5. Leverage other Amazon Web Services every bit fault-tolerant edifice blocks

Amazon Web Services offers a seat out of other services (Amazon Simple Queue Service, Amazon Simple Storage Service, Amazon SimpleDB, in addition to Amazon Relational Database Service.) that tin live incorporated into your application development. These services are fault-tolerant, thence yesteryear using them, you lot volition live increasing the mistake tolerance of your ain applications.
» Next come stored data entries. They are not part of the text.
Lemma regular_vec_of_sep (Z : {set 'I_n}) v :
  {in Z &, forall a b : 'I_n, a = b} ->
  (forall t, inG m p n t -> (forall i, i \notin Z -> ewt t i = 0%N) -> forall i, ewt t i = 0%N) ->
  (forall j, (v j 0 == 0) = (j \in Z)) ->
  (forall j j' k, j \notin Z -> j' \notin Z -> j != j' -> v j' 0 != z ^+ k * v j 0) ->
  regular_vec v.
Proof.
move=> Z_le1 diag_trivial v_eq0 sep_v t t_in_G t_refl; apply/negP => /gmat_fixP fix_v.
have [t_diag|t_nondiag] := eqVneq (eperm t) 1%g.
  have wt0 : forall i, ewt t i = 0%N.
    apply: diag_trivial => // i i_notin_Z; have vi_neq0 : v i 0 != 0 by rewrite v_eq0.
    have : z ^+ ewt t i == z ^+ 0.
      by rewrite expr0 -(can_eq (mulfK vi_neq0)) mul1r -fix_v t_diag perm1.
    by rewrite (eq_prim_root_expr prim_z) mod0n modn_small ?ltn_ord // => /eqP.
  suff t1 : gmat z t = 1%:M by move: t_refl; rewrite /is_reflection t1 subrr mxrank0.
  by apply/matrixP => x y; rewrite !mxE t_diag perm1 wt0 expr0 eq_sym; case: eqP.
have [i ti_neq_i] : exists i, eperm t i != i.
  apply/existsP; apply: contraR t_nondiag => /existsPn t_id; apply/eqP/permP => i.
  by rewrite perm1; apply/eqP; rewrite -[_ == _]negbK t_id.
have := fix_v i; have [i_in_Z|i_notin_Z] := boolP (i \in Z).
  have /eqP -> : v i 0 == 0 by rewrite v_eq0.
  rewrite mulr0 => /eqP; rewrite v_eq0 => /Z_le1 /(_ i_in_Z) ti_eq_i.
  by rewrite ti_eq_i eqxx in ti_neq_i.
have [ti_in_Z|ti_notin_Z] := boolP (eperm t i \in Z).
  have /eqP -> : v (eperm t i) 0 == 0 by rewrite v_eq0.
  move/esym/eqP; rewrite mulf_eq0 expf_eq0 (negbTE (prim_root_neq0 prim_z)) andbF.
  by rewrite v_eq0 (negbTE i_notin_Z).
by apply/eqP; rewrite sep_v // eq_sym.
Qed.

End Reflections.

(** * Eigenvectors along the cycles of an element *)

Section CycleWeights.
Variables (m n : nat) (w : elt m n).
Local Notation u := (eperm w).

Definition path_wt x t := (\sum_(s < t) ewt w (iter s u x))%N.

Lemma path_wtS x t : path_wt x t.+1 = (path_wt x t + ewt w (iter t u x))%N.
Proof. exact: big_ord_recr. Qed.

Lemma cweight_porbit x : cweight w (porbit u x) = path_wt x #|porbit u x|.
Proof.
rewrite /cweight (eq_bigl (mem (traject u x #|porbit u x|))) => [|i]; last first.
  by rewrite /= porbit_traject.
by rewrite -big_uniq ?uniq_traject_porbit // big_traject.
Qed.

End CycleWeights.

Section EigenvectorCycles.
Variables (m n : nat) (z : algC) (w : elt m n) (v : 'cV[algC]_n) (lam : algC).
Hypothesis prim_z : m.-primitive_root z.
Hypothesis eig_v : forall j, lam * v (eperm w j) 0 = z ^+ ewt w j * v j 0.
Hypothesis sep_v : forall j j' k, j != j' -> v j' 0 != z ^+ k * v j 0.
Local Notation u := (eperm w).

Lemma eigen_iter t x : lam ^+ t * v (iter t u x) 0 = z ^+ path_wt w x t * v x 0.
Proof.
elim: t => [|t IHt]; first by rewrite /path_wt big_ord0 !expr0 !mul1r.
by rewrite path_wtS exprSr -mulrA /= eig_v mulrCA IHt mulrA -exprD addnC.
Qed.

Lemma eigen_cycle_pow x : v x 0 != 0 -> lam ^+ #|porbit u x| = z ^+ cweight w (porbit u x).
Proof.
by move=> vx_neq0; apply: (mulIf vx_neq0); rewrite cweight_porbit -eigen_iter iter_porbit.
Qed.

Lemma eigen_prim_root x : v x 0 != 0 -> #|porbit u x|.-primitive_root (lam ^+ m).
Proof.
move=> vx_neq0; apply: prim_root_of_order; first by rewrite lt0n card_porbit_neq0.
  by rewrite exprAC eigen_cycle_pow // exprAC (prim_expr_order prim_z) expr1n.
move=> t t_range; apply/eqP => lam_tm1.
have [k lam_t] := prim_rootP prim_z (etrans (exprAC _ _ _) lam_tm1).
have neq_x : x != iter t u x by rewrite eq_sym iter_porbit_neq.
apply/negP: (sep_v ((m - k) + path_wt w x t) neq_x); apply/negPn/eqP.
rewrite exprD -mulrA -eigen_iter lam_t mulrA -exprD subnK ?(prim_expr_order prim_z) ?mul1r //.
exact: ltnW.
Qed.

Lemma eigen_cycle_shape x0 : v x0 0 != 0 ->
  exists L e, [/\ (0 < e)%N, coprime e L &
    forall x, v x 0 != 0 -> #|porbit u x| = L /\ (cweight w (porbit u x) = e %[mod m])%N].
Proof.
move=> vx0_neq0; have m_gt0 := prim_order_gt0 prim_z; set L := #|porbit u x0|.
have L_gt0 : (0 < L)%N by rewrite lt0n card_porbit_neq0.
have prim_lam := eigen_prim_root vx0_neq0.
have [eta prim_eta eta_L] := prim_root_lift L_gt0 prim_z.
have [e0 lam_e0] := prim_rootP prim_eta (etrans (exprM _ _ _) (prim_expr_order prim_lam)).
set e := (e0 + m * L)%N. (* rather than e0, which may be 0 *)
have lam_e : lam = eta ^+ e by rewrite lam_e0 exprD (prim_expr_order prim_eta) mulr1.
have prim_etam : L.-primitive_root (eta ^+ m).
  by have := exp_prim_root prim_eta m; rewrite gcdnMr mulKn.
exists L, e; split => //.
- by rewrite /e addn_gt0 muln_gt0 m_gt0 L_gt0 orbT.
- by rewrite -(prim_root_exp_coprime _ prim_etam) -exprM mulnC exprM -lam_e.
move=> x vx_neq0; have L_x := prim_root_order_inj (eigen_prim_root vx_neq0) prim_lam.
split=> //; apply/eqP; rewrite -(eq_prim_root_expr prim_z) -eigen_cycle_pow // L_x.
by rewrite lam_e -eta_L -!exprM mulnC.
Qed.

Lemma sep_coord_neq0 i0 j : v i0 0 = 0 -> j != i0 -> v j 0 != 0.
Proof.
move=> vi0_eq0 neq_ji0; have neq_i0j : i0 != j by rewrite eq_sym.
by have := sep_v 0 neq_i0j; rewrite vi0_eq0 mulr0.
Qed.

Lemma eigen_zero_fixed i0 : v i0 0 = 0 -> u i0 = i0.
Proof.
move=> vi0_eq0; set j := (u^-1)%g i0; have u_j : u j = i0 by rewrite /j permKV.
have [j_i0|/(sep_coord_neq0 vi0_eq0) vj_neq0] := eqVneq j i0; first by rewrite -{1}j_i0 u_j.
have := eig_v j; rewrite u_j vi0_eq0 mulr0 => /esym/eqP.
by rewrite mulf_eq0 (negbTE vj_neq0) orbF expf_eq0 (negbTE (prim_root_neq0 prim_z)) andbF.
Qed.

End EigenvectorCycles.

(** * A regular eigenvector for cycles of equal length and weight *)

Section CycleEigenvector.
Variables (m n : nat) (z : algC) (w : elt m n) (L s : nat) (Z : {set 'I_n}) (eta : algC).
Hypothesis prim_z : m.-primitive_root z.
Hypothesis co_sL : coprime s L.
Hypothesis cycles_off_Z : forall j, j \notin Z ->
  #|porbit (eperm w) j| = L /\ (cweight w (porbit (eperm w) j) = s %[mod m])%N.
Hypothesis fixed_Z : forall j, j \in Z -> eperm w j = j.
Hypotheses (prim_eta : (m * L).-primitive_root eta) (eta_L : eta ^+ L = z).
Local Notation u := (eperm w).
Local Notation lam := (eta ^+ s).

Definition cycle_rep j := odflt j [pick k in porbit u j].

Definition cycle_pos j := index j (traject u (cycle_rep j) L).

(* The factor [2 ^+ cycle_rep j] gives distinct moduli to coordinates on distinct
   cycles; the other factor has modulus 1. *)
Definition cycle_vec : 'cV[algC]_n := \col_j
  if j \in Z then 0 else
  2%:R ^+ cycle_rep j * (z ^+ path_wt w (cycle_rep j) (cycle_pos j) / lam ^+ cycle_pos j).

Lemma porbit_cycle_rep j : porbit u (cycle_rep j) = porbit u j.
Proof.
apply/eqP; rewrite eq_porbit_mem /cycle_rep.
by case: pickP => //= /(_ j); rewrite porbit_id.
Qed.

Lemma cycle_rep_perm j : cycle_rep (u j) = cycle_rep j.
Proof.
have := porbit_perm u 1 j; rewrite expg1 /cycle_rep => ->.
by case: pickP => //= /(_ j); rewrite porbit_id.
Qed.

Lemma perm_notin_Z j : j \notin Z -> u j \notin Z.
Proof. by apply: contra => uj_in_Z; rewrite -(perm_inj (fixed_Z uj_in_Z)). Qed.

Section OffZ.
Variable j : 'I_n.
Hypothesis j_notin_Z : j \notin Z.

Lemma card_porbit_rep : #|porbit u (cycle_rep j)| = L.
Proof. by rewrite porbit_cycle_rep; case: (cycles_off_Z j_notin_Z). Qed.

Lemma uniq_traject_rep : uniq (traject u (cycle_rep j) L).
Proof. by rewrite -card_porbit_rep uniq_traject_porbit. Qed.

Lemma mem_traject_rep : j \in traject u (cycle_rep j) L.
Proof. by rewrite -card_porbit_rep -porbit_traject porbit_cycle_rep porbit_id. Qed.

Lemma cycle_pos_lt : (cycle_pos j < L)%N.
Proof. by rewrite /cycle_pos -{2}(size_traject u (cycle_rep j) L) index_mem mem_traject_rep. Qed.

Lemma iter_cycle_pos : iter (cycle_pos j) u (cycle_rep j) = j.
Proof. by rewrite -(nth_traject u cycle_pos_lt) nth_index // mem_traject_rep. Qed.

End OffZ.

Lemma prim_lam_m : L.-primitive_root (lam ^+ m).
Proof.
have prim_etam : L.-primitive_root (eta ^+ m).
  by have := exp_prim_root prim_eta m; rewrite gcdnMr mulKn ?(prim_order_gt0 prim_z).
by rewrite exprAC prim_root_exp_coprime.
Qed.

Lemma lam_neq0 : lam != 0.
Proof. exact/expf_neq0/(prim_root_neq0 prim_eta). Qed.

Lemma cycle_vec_eigen j : lam * cycle_vec (u j) 0 = z ^+ ewt w j * cycle_vec j 0.
Proof.
rewrite !mxE; have [j_in_Z|j_notin_Z] := boolP (j \in Z).
  by rewrite (fixed_Z j_in_Z) j_in_Z !mulr0.
rewrite (negbTE (perm_notin_Z j_notin_Z)) cycle_rep_perm.
have lt_tL := cycle_pos_lt j_notin_Z; have iter_t := iter_cycle_pos j_notin_Z.
set x := cycle_rep j in iter_t *; set t := cycle_pos j in lt_tL iter_t *.
have [lt_t1L|ge_t1L] := ltnP t.+1 L.
  have -> : cycle_pos (u j) = t.+1.
    rewrite /cycle_pos cycle_rep_perm -/x -iter_t -iterS -(nth_traject u lt_t1L x).
    by rewrite index_uniq ?size_traject ?uniq_traject_rep.
  rewrite path_wtS iter_t exprD exprS; field.
  by rewrite lam_neq0 expf_neq0 ?lam_neq0.
have t1_L : t.+1 = L by apply/eqP; rewrite eqn_leq lt_tL ge_t1L.
have uj_x : u j = x.
  by rewrite -iter_t -iterS t1_L -(card_porbit_rep j_notin_Z) iter_porbit.
have -> : cycle_pos (u j) = 0%N.
  by rewrite /cycle_pos cycle_rep_perm -/x uj_x -t1_L trajectS /= eqxx.
have lam_t1 : z ^+ ewt w j * z ^+ path_wt w x t = lam ^+ t.+1.
  rewrite -exprD addnC -iter_t -path_wtS t1_L -exprM mulnC exprM eta_L.
  rewrite -(card_porbit_rep j_notin_Z) -cweight_porbit.
  apply/eqP; rewrite (eq_prim_root_expr prim_z) porbit_cycle_rep; apply/eqP.
  by case: (cycles_off_Z j_notin_Z).
rewrite /path_wt big_ord0 [RHS]mulrCA [z ^+ ewt w j * (_ * _)]mulrA lam_t1 exprS.
by field; rewrite expf_neq0 ?lam_neq0.
Qed.

Lemma cycle_vec_eq0 j : (cycle_vec j 0 == 0) = (j \in Z).
Proof.
rewrite mxE; case: (j \in Z); rewrite ?eqxx // !mulf_eq0 invr_eq0 (expf_eq0 lam).
by rewrite (negbTE lam_neq0) !expf_eq0 pnatr_eq0 (negbTE (prim_root_neq0 prim_z)) !andbF.
Qed.

Lemma norm_cycle_vec j : j \notin Z -> `|cycle_vec j 0| = 2%:R ^+ cycle_rep j.
Proof.
have z_norm1 := norm_prim_root prim_z; have eta_norm1 := norm_prim_root prim_eta.
move=> j_notin_Z; rewrite mxE (negbTE j_notin_Z) normrM normf_div !normrX.
by rewrite z_norm1 eta_norm1 !expr1n divr1 mulr1 normr_nat.
Qed.

Lemma cycle_vec_sep j j' k : j \notin Z -> j' \notin Z -> j != j' ->
  cycle_vec j' 0 != z ^+ k * cycle_vec j 0.
Proof.
move=> j_notin_Z j'_notin_Z neq_jj'; apply/eqP => vj'.
have same_rep : cycle_rep j' = cycle_rep j.
  have := congr1 Num.norm vj'; rewrite normrM normrX (norm_prim_root prim_z) expr1n mul1r.
  rewrite !norm_cycle_vec // -!natrX => /eqP; rewrite eqr_nat => /eqP /expnI.
  by move=> /(_ isT) /val_inj.
have two_neq0 : (2%:R : algC) ^+ cycle_rep j != 0 by rewrite expf_neq0 ?pnatr_eq0.
move: vj'; rewrite !mxE (negbTE j_notin_Z) (negbTE j'_notin_Z) same_rep [RHS]mulrCA.
move=> /(mulfI two_neq0) /(congr1 (fun a => a ^+ m)).
rewrite !exprMn !exprVn ![(z ^+ _) ^+ m]exprAC (prim_expr_order prim_z) !expr1n !mul1r.
rewrite ![(_ ^+ cycle_pos _) ^+ m]exprAC => /invr_inj /eqP.
rewrite (eq_prim_root_expr prim_lam_m) !modn_small ?cycle_pos_lt // => /eqP same_pos.
move: neq_jj'; rewrite -(iter_cycle_pos j_notin_Z) -(iter_cycle_pos j'_notin_Z).
by rewrite same_rep same_pos eqxx.
Qed.

End CycleEigenvector.

Lemma regular_of_uniform_cycles m p n z (w : elt m n) L s (Z : {set 'I_n}) :
  m.-primitive_root z -> (0 < L)%N -> coprime s L ->
  (forall j, j \notin Z ->
    #|porbit (eperm w) j| = L /\ (cweight w (porbit (eperm w) j) = s %[mod m])%N) ->
  (forall j, j \in Z -> eperm w j = j) ->
  (exists j, j \notin Z) -> {in Z &, forall a b : 'I_n, a = b} ->
  (forall t : elt m n, inG m p n t -> (forall i, i \notin Z -> ewt t i = 0%N) ->
     forall i, ewt t i = 0%N) ->
  regular z m p n w.
Proof.
move=> prim_z L_gt0 co_sL cycles_off_Z fixed_Z [j0 j0_notin_Z] Z_le1 diag_trivial.
have [eta prim_eta eta_L] := prim_root_lift L_gt0 prim_z.
have v_eq0 := cycle_vec_eq0 w s Z prim_z prim_eta.
exists (cycle_vec z w L s Z eta), (eta ^+ s); split; last split.
- by apply: contraNneq j0_notin_Z => v0; rewrite -v_eq0 v0 mxE.
- exact/eqP/gmat_eigenP/(cycle_vec_eigen prim_z cycles_off_Z fixed_Z prim_eta eta_L).
apply: (regular_vec_of_sep prim_z Z_le1 diag_trivial v_eq0).
exact: (cycle_vec_sep prim_z co_sL cycles_off_Z prim_eta).
Qed.

(** * Cycle types of regular elements *)

Section CycleCounting.
Variables (m n : nat) (w : elt m n).

Lemma sum_over_cycles (F : 'I_n -> nat) :
  (\sum_(i < n) F i = \sum_(c in cycles w) \sum_(i in c) F i)%N.
Proof.
rewrite (partition_big_imset (porbit (eperm w))) /=.
by apply: eq_bigr => _ /imsetP[x _ ->]; apply: eq_bigl => i; rewrite eq_porbit_mem.
Qed.

Lemma sum_card_cycles : (\sum_(c in cycles w) #|c| = n)%N.
Proof.
rewrite -[RHS]card_ord -sum1_card sum_over_cycles.
by apply: eq_bigr => c _; rewrite sum1_card.
Qed.

Lemma porbit_in_cycles x : porbit (eperm w) x \in cycles w.
Proof. exact: imset_f. Qed.

Lemma cyclesP c : c \in cycles w -> exists x, c = porbit (eperm w) x.
Proof. by case/imsetP => x _ ->; exists x. Qed.

End CycleCounting.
Let's receive got the Amazon Simple Queue Service (SQS) example. SQS is a highly reliable distributed messaging organization that tin serve every bit the backbone of your fault-tolerant application. Once a message has been pulled yesteryear an instance from an SQS queue, it becomes invisible to other instances (consumers) for a configurable fourth dimension interval known every bit a visibility timeout. After the consumer has processed the message, it must delete the message from the queue. If the fourth dimension interval specified yesteryear the visibility timeout has passed, but the message isn't deleted, it is in i trial once again visible inward the queue in addition to to a greater extent than or less other consumer volition live able to describe in addition to procedure it. This two-phase model ensures that no queue items are lost if the consuming application fails piece it is processing a message. Even inward an extreme instance where all of the worker processes receive got failed, Amazon SQS volition merely shop the messages for upwards to 4 days.

Conclusions:

chaos monkey tool to constantly in addition to unpredictably kill to a greater extent than or less of its service instances inward an try to enforce that their services are built inward a fault-tolerant in addition to resilient fashion in addition to expose in addition to resolve hidden problems amongst their services.

OK, subsequently reading this, you lot tin say that at to a greater extent than or less degree the cloud computing fault-tolerance is boring: the prescribed mistake correction activeness is to exactly supersede the failed instance amongst a novel instance. And if you lot say this, this volition brand the AWS folks happy, because this is the destination that they essay to attain. They desire to brand faults uninteresting, in addition to automatically dealt with. Unfortunately, non all faults tin live isolated at the instance level, the existent the world isn't that simple. There are many unlike types of faults, such every bit misconfigurations, unanticipated faults, application-level heisenbugs, in addition to bohrbugs, that won't agree into this mold. I recollect to investigate these remaining nontrivial types of faults, in addition to how to bargain amongst them. I am especially interested inward exploring what purpose tin self-stabilization play here. Another point, that didn't acquire coverage inward this whitepaper is virtually how to reveal faults in addition to unhealthy instances. I would live interested to acquire what techniques are employed inward exercise yesteryear AWS applications for this.